Start of Data for the task

Lemma nth_bzip f u v j : f false false = false ->
  nth false (bzip f u v) j = f (nth false u j) (nth false v j).
Proof.
move=> f0; elim: u v j => [|a u IH] v j /=.
  rewrite nth_nil; case: (ltnP j (size v)) => hj; first by rewrite (nth_map false).
  by rewrite !nth_default ?size_map.
by case: j => [|j] /=; [case: v | rewrite IH; case: v => [|b v] /=; rewrite ?nth_nil].
Qed.

Definition bxor := bzip addb.
Definition bor := bzip orb.
Definition band := bzip andb.
Definition bdiff := bzip (fun a b => a && ~~ b).

Definition bnil x := ~~ has id x.
Definition bsub x y := bnil (bdiff x y).
Definition bcnt x := count id x.

Lemma bnilP x : reflect (forall j, nth false x j = false) (bnil x).
Proof.
apply: (iffP hasPn) => [H j | H b /(nthP false) [j _ <-]]; last by rewrite H.
case: (ltnP j (size x)) => hj; last by rewrite nth_default.
exact/negbTE/H/mem_nth.
Qed.

(* [has] and [all] with short-circuit evaluation: vm_compute evaluates the
   arguments of [||] and [&&] eagerly, so the certificate checkers below use
   these versions, or an explicit [if], where early exit saves work *)
Fixpoint lhas (A : Type) (a : pred A) (s : seq A) : bool :=
  if s is x :: s' then (if a x then true else lhas a s') else false.

Fixpoint lall (A : Type) (a : pred A) (s : seq A) : bool :=
  if s is x :: s' then (if a x then lall a s' else false) else true.

Lemma lhasE (A : Type) (a : pred A) s : lhas a s = has a s.
Proof. by elim: s => //= x s ->. Qed.

Lemma lallE (A : Type) (a : pred A) s : lall a s = all a s.
Proof. by elim: s => //= x s ->. Qed.

Fixpoint allb m : seq (seq bool) :=
  if m is m'.+1 then let r := allb m' in map (cons false) r ++ map (cons true) r
  else [:: [::]].

Lemma allbP m s : (s \in allb m) = (size s == m).
Proof.
have cons_inj (c : bool) : injective (cons c) by move=> u v [].
elim: m s => [|m IH] [|a s] //; rewrite /= mem_cat.
  by apply/negbTE; rewrite negb_or; apply/andP; split; apply/mapP => -[].
rewrite eqSS -IH; case: a.
  have -> : (true :: s \in map (cons false) (allb m)) = false.
    by apply/negbTE/mapP => -[t _ []].
  by rewrite mem_map.
have -> : (false :: s \in map (cons true) (allb m)) = false.
  by apply/negbTE/mapP => -[t _ []].
by rewrite mem_map // orbF.
Qed.

Section GF2Vectors.
Local Open Scope ring_scope.
Variable m : nat.

Definition rowv (u : seq bool) : 'rV['F_2]_m := \row_(j < m) (nth false u j)%:R.

Lemma natr_addb (a b : bool) : ((a (+) b)%:R : 'F_2) = a%:R + b%:R.
Proof. by case: a; case: b; rewrite ?add0r ?addr0 //; apply: val_inj. Qed.

Lemma natr_bool_inj (a b : bool) : (a%:R : 'F_2) = b%:R -> a = b.
Proof. by case: a; case: b => // /esym/eqP; rewrite oner_eq0. Qed.

Lemma rowv_bxor u v : rowv (bxor u v) = rowv u + rowv v.
Proof. by apply/rowP => j; rewrite !mxE nth_bzip // natr_addb. Qed.

Lemma rowv_nil : rowv [::] = 0.
Proof. by apply/rowP => j; rewrite !mxE nth_nil. Qed.

Lemma rowv_eq u v : (size u <= m)%N -> (size v <= m)%N ->
  (rowv u == rowv v) = bnil (bxor u v).
Proof.
move=> hu hv; apply/eqP/bnilP => [H j | H].
  rewrite nth_bzip //; case: (ltnP j m) => hjm.
    move/rowP: H => /(_ (Ordinal hjm)); rewrite !mxE /= => /natr_bool_inj ->.
    by rewrite addbb.
  by rewrite !nth_default // (leq_trans _ hjm).
apply/rowP => j; rewrite !mxE; move: (H j); rewrite nth_bzip //.
by case: (nth false u j); case: (nth false v j).
Qed.
(* Let $a\ge0$ and $\mathfrak g=\mathfrak r'_{3,a}$ (basis $\{e_1,e_2,e_3\}$, nonzero brackets $[e_1,e_2]=ae_2-e_3$, $[e_1,e_3]=e_2+ae_3$), and let $\langle\cdot,\cdot\rangle_0$ be the inner product for which $\{e_1,e_2,e_3\}$ is orthonormal. An inner product $\langle\cdot,\cdot\rangle$ on $\mathfrak g$ is a solvsoliton if and only if $[\langle\cdot,\cdot\rangle]=[\langle\cdot,\cdot\rangle_0]$. Moreover, $\langle\cdot,\cdot\rangle_0$ is Einstein.
   Context: An inner product on a solvable Lie algebra $\mathfrak g$ is a solvsoliton if its Ricci operator satisfies $\mathrm{Ric}=cI+D$ for some $c\in\mathbb R$ and $D\in\mathrm{Der}(\mathfrak g)$ (Ricci operator of the metric Lie algebra defined via $2\langle\nabla_XY,Z\rangle=\langle[Z,X],Y\rangle+\langle X,[Z,Y]\rangle+\langle[X,Y],Z\rangle$, $R(X,Y)=[\nabla_X,\nabla_Y]-\nabla_{[X,Y]}$, $\mathrm{Ric}(X)=\sum_iR(X,e_i)e_i$ for an orthonormal basis); it is Einstein if $\mathrm{Ric}=cI$. Two inner products are isometric up to scaling if $\langle\cdot,\cdot\rangle_1=k\langle f\cdot,f\cdot\rangle_2$ for some $k>0$ and Lie algebra automorphism $f$ of $\mathfrak g$; $[\langle\cdot,\cdot\rangle]$ denotes the equivalence class. *)

From HB Require Import structures.
From mathcomp Require Import all_boot all_order all_algebra.
From mathcomp Require Import reals.
Set Implicit Arguments. Unset Strict Implicit. Unset Printing Implicit Defensive.
Import Order.TTheory GRing.Theory Num.Theory.
Local Open Scope ring_scope.

Section MetricLie.
Variable R : realType.
Notation vec := 'cV[R]_3.

(* standard basis vector e_k (k : 'I_3; e_1,e_2,e_3 of the paper are k = 0,1,2) *)
Definition ebasis (k : 'I_3) : vec := delta_mx k 0.

Definition ip (G : 'M[R]_3) (x y : vec) : R := (x^T *m G *m y) 0 0.

Definition inner_product (G : 'M[R]_3) : Prop :=
  G^T = G /\ forall x : vec, x != 0 -> 0 < ip G x x.

(* The Lie algebra r'_{3,a}:  [e1,e2] = a e2 - e3, [e1,e3] = e2 + a e3,
   [e2,e3] = 0, extended bilinearly and skew-symmetrically. *)
Definition br_r3a (a : R) (x y : vec) : vec :=
  let p := x 0 0 * y 1 0 - x 1 0 * y 0 0 in   (* coefficient of e1 /\ e2 *)
  let q := x 0 0 * y 2 0 - x 2 0 * y 0 0 in   (* coefficient of e1 /\ e3 *)
  \col_(i < 3) [:: 0; a * p + q; - p + a * q]`_i.

Variable br : vec -> vec -> vec.

(* Levi-Civita connection via the Koszul formula:
   nabla_X Y is the unique vector with
   2<nabla_X Y, Z> = <[Z,X],Y> + <X,[Z,Y]> + <[X,Y],Z> for all Z;
   we solve it on the basis Z = e_k using the inverse Gram matrix. *)
Definition nabla (G : 'M[R]_3) (X Y : vec) : vec :=
  invmx G *m \col_(k < 3)
    ((ip G (br (ebasis k) X) Y + ip G X (br (ebasis k) Y)
      + ip G (br X Y) (ebasis k)) / 2).

Definition curv (G : 'M[R]_3) (X Y Z : vec) : vec :=
  nabla G X (nabla G Y Z) - nabla G Y (nabla G X Z) - nabla G (br X Y) Z.

Definition orthonormal_basis (G : 'M[R]_3) (U : 'M[R]_3) : Prop :=
  U^T *m G *m U = 1%:M.

Definition ricci_wrt (G U : 'M[R]_3) (X : vec) : vec :=
  \sum_(i < 3) curv G X (col i U) (col i U).

Definition derivation (D : 'M[R]_3) : Prop :=
  forall x y : vec, D *m br x y = br (D *m x) y + br x (D *m y).

Definition automorphism (f : 'M[R]_3) : Prop :=
  f \in unitmx /\ forall x y : vec, f *m br x y = br (f *m x) (f *m y).

(* Ric = c I + D with D a derivation (the Ricci operator being computed in any
   orthonormal basis; it does not depend on the choice). *)
Definition solvsoliton (G : 'M[R]_3) : Prop :=
  exists (c : R) (D : 'M[R]_3), derivation D /\
    forall U, orthonormal_basis G U ->
      forall X : vec, ricci_wrt G U X = c *: X + D *m X.

Definition einstein (G : 'M[R]_3) : Prop :=
  exists c : R, forall U, orthonormal_basis G U ->
      forall X : vec, ricci_wrt G U X = c *: X.

Definition iso_up_to_scaling (G1 G2 : 'M[R]_3) : Prop :=
  exists (k : R) (f : 'M[R]_3), 0 < k /\ automorphism f /\
    forall x y : vec, ip G1 x y = k * ip G2 (f *m x) (f *m y).

End MetricLie.

(* A shear e0 |-> e0 + v1 e1 + v2 e2 is an automorphism of r'_{3,a}; choosing it so
   that e0 becomes orthogonal to the ideal span(e1, e2) shows that every inner product
   is, up to isometry and scaling, a block metric diag(1, M) with M = [[p, r], [r, q]]
   positive definite.  The Ricci operator does not depend on the orthonormal frame (it
   is X |-> sum_jk (G^-1)_jk R(X, e_j) e_k), it is conjugated by automorphisms and
   divided by k when the metric is multiplied by k; hence being a solvsoliton is
   invariant under both.  Every derivation D of r'_{3,a} satisfies D11 = D22 and D21 = -D12,
   so Ric = cI + D forces p^2 - q^2 + 2ar(p + q) = 0 = 2r(p + q) - a(p^2 - q^2), i.e.
   p = q and r = 0.  The metric diag(1, p, p) is the pull-back of the standard one by
   the automorphism diag(1, sqrt p, sqrt p), and the standard metric is Einstein with
   Ric = -2a^2 I. *)

From HB Require Import structures.
From mathcomp Require Import all_boot all_order all_algebra.
From mathcomp Require Import reals.
From mathcomp Require Import ring lra.
Import Order.TTheory GRing.Theory Num.Theory.
Local Open Scope ring_scope.
Set Implicit Arguments. Unset Strict Implicit. Unset Printing Implicit Defensive.

Ltac case_ord3 i := let Hi := fresh in case: i => [[|[|[|?]]] Hi] //.

Section Coordinates.
Variable R : realType.
Notation vec := 'cV[R]_3.
Notation e := (ebasis R).

Definition vec3 (x y z : R) : vec := \col_(i < 3) [:: x; y; z]`_i.

Definition mat3 (a00 a01 a02 a10 a11 a12 a20 a21 a22 : R) : 'M[R]_3 :=
  \matrix_(i < 3, j < 3)
    nth 0 (nth [::] [:: [:: a00; a01; a02]; [:: a10; a11; a12]; [:: a20; a21; a22]] i) j.

Lemma vec3E x y z : (vec3 x y z 0 0 = x) * (vec3 x y z 1 0 = y) * (vec3 x y z 2 0 = z).
Proof. by rewrite !mxE. Qed.

Lemma ord3_cases (i : 'I_3) : [\/ i = 0, i = 1 | i = 2].
Proof. by case_ord3 i; [constructor 1 | constructor 2 | constructor 3]; apply/val_inj. Qed.

Lemma sum3 (V : nmodType) (F : 'I_3 -> V) : \sum_i F i = F 0 + F 1 + F 2.
Proof. by rewrite !big_ord_recr big_ord0 /= add0r; congr (F _ + F _ + F _); apply/val_inj. Qed.
Definition move_unit (W : mx X) (u a b : X) : mx X :=
  [ffun p => W p - emat u a p + emat u b p].

Definition surplus (W V : mx X) : nat := \sum_p (W p - V p).

Definition move_rel (W : mx X) : rel X :=
  [rel a b | [exists u, (0 < W (u, a)) && E u b]].

Lemma ematE (u a : X) p : emat u a p = (p == (u, a)).
Proof. by rewrite ffunE. Qed.

Lemma move_unitD (W : mx X) u a b p : 0 < W (u, a) ->
  move_unit W u a b p + emat u a p = W p + emat u b p.
Proof. by move=> Wua; rewrite ffunE !ematE; case: eqVneq => [->|] /=; lia. Qed.

Lemma rowsum_emat (u b x : X) : rowsum (emat u b) x = (x == u).
Proof.
rewrite /rowsum (bigD1 b) //= big1 ?addn0 => [|y /negbTE y_b].
  by rewrite ematE xpair_eqE eqxx andbT.
by rewrite ematE xpair_eqE y_b andbF.
Qed.

Lemma colsum_emat (u b y : X) : colsum (emat u b) y = (y == b).
Proof.
rewrite /colsum (bigD1 u) //= big1 ?addn0 => [|x /negbTE x_u].
  by rewrite ematE xpair_eqE eqxx.
by rewrite ematE xpair_eqE x_u.
Qed.

Lemma sum_ematM (u a : X) (f : X * X -> nat) :
  \sum_p emat u a p * f p = f (u, a).
Proof.
rewrite (bigD1 (u, a)) //= big1 ?addn0 => [|p /negbTE p_ua].
  by rewrite ematE eqxx mul1n.
by rewrite ematE p_ua mul0n.
Qed.

Lemma rowsum_move (W : mx X) u a b x : 0 < W (u, a) ->
  rowsum (move_unit W u a b) x = rowsum W x.
Proof.
move=> Wua; have := rowsum_emat u a x; have := rowsum_emat u b x.
have : \sum_y (move_unit W u a b (x, y) + emat u a (x, y)) =
       \sum_y (W (x, y) + emat u b (x, y)) by apply: eq_bigr => y _; apply: move_unitD.
rewrite !big_split /= -!/(rowsum _ x); lia.
Qed.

End of Data for the task

Aim of the exercise>
Copy range, inclusive: the line holding "Lemma lhasE (A" to the line holding "Proof. by case: a; case: b;". Reproduce exactly those lines of the records above and no others.

Answer space>
Lemma lhasE (A : Type) (a : pred A) s : lhas a s = has a s.
Proof. by elim: s => //= x s ->. Qed.

Lemma lallE (A : Type) (a : pred A) s : lall a s = all a s.
Proof. by elim: s => //= x s ->. Qed.

Fixpoint allb m : seq (seq bool) :=
  if m is m'.+1 then let r := allb m' in map (cons false) r ++ map (cons true) r
  else [:: [::]].

Lemma allbP m s : (s \in allb m) = (size s == m).
Proof.
have cons_inj (c : bool) : injective (cons c) by move=> u v [].
elim: m s => [|m IH] [|a s] //; rewrite /= mem_cat.
  by apply/negbTE; rewrite negb_or; apply/andP; split; apply/mapP => -[].
rewrite eqSS -IH; case: a.
  have -> : (true :: s \in map (cons false) (allb m)) = false.
    by apply/negbTE/mapP => -[t _ []].
  by rewrite mem_map.
have -> : (false :: s \in map (cons true) (allb m)) = false.
  by apply/negbTE/mapP => -[t _ []].
by rewrite mem_map // orbF.
Qed.

Section GF2Vectors.
Local Open Scope ring_scope.
Variable m : nat.

Definition rowv (u : seq bool) : 'rV['F_2]_m := \row_(j < m) (nth false u j)%:R.

Lemma natr_addb (a b : bool) : ((a (+) b)%:R : 'F_2) = a%:R + b%:R.
Proof. by case: a; case: b; rewrite ?add0r ?addr0 //; apply: val_inj. Qed.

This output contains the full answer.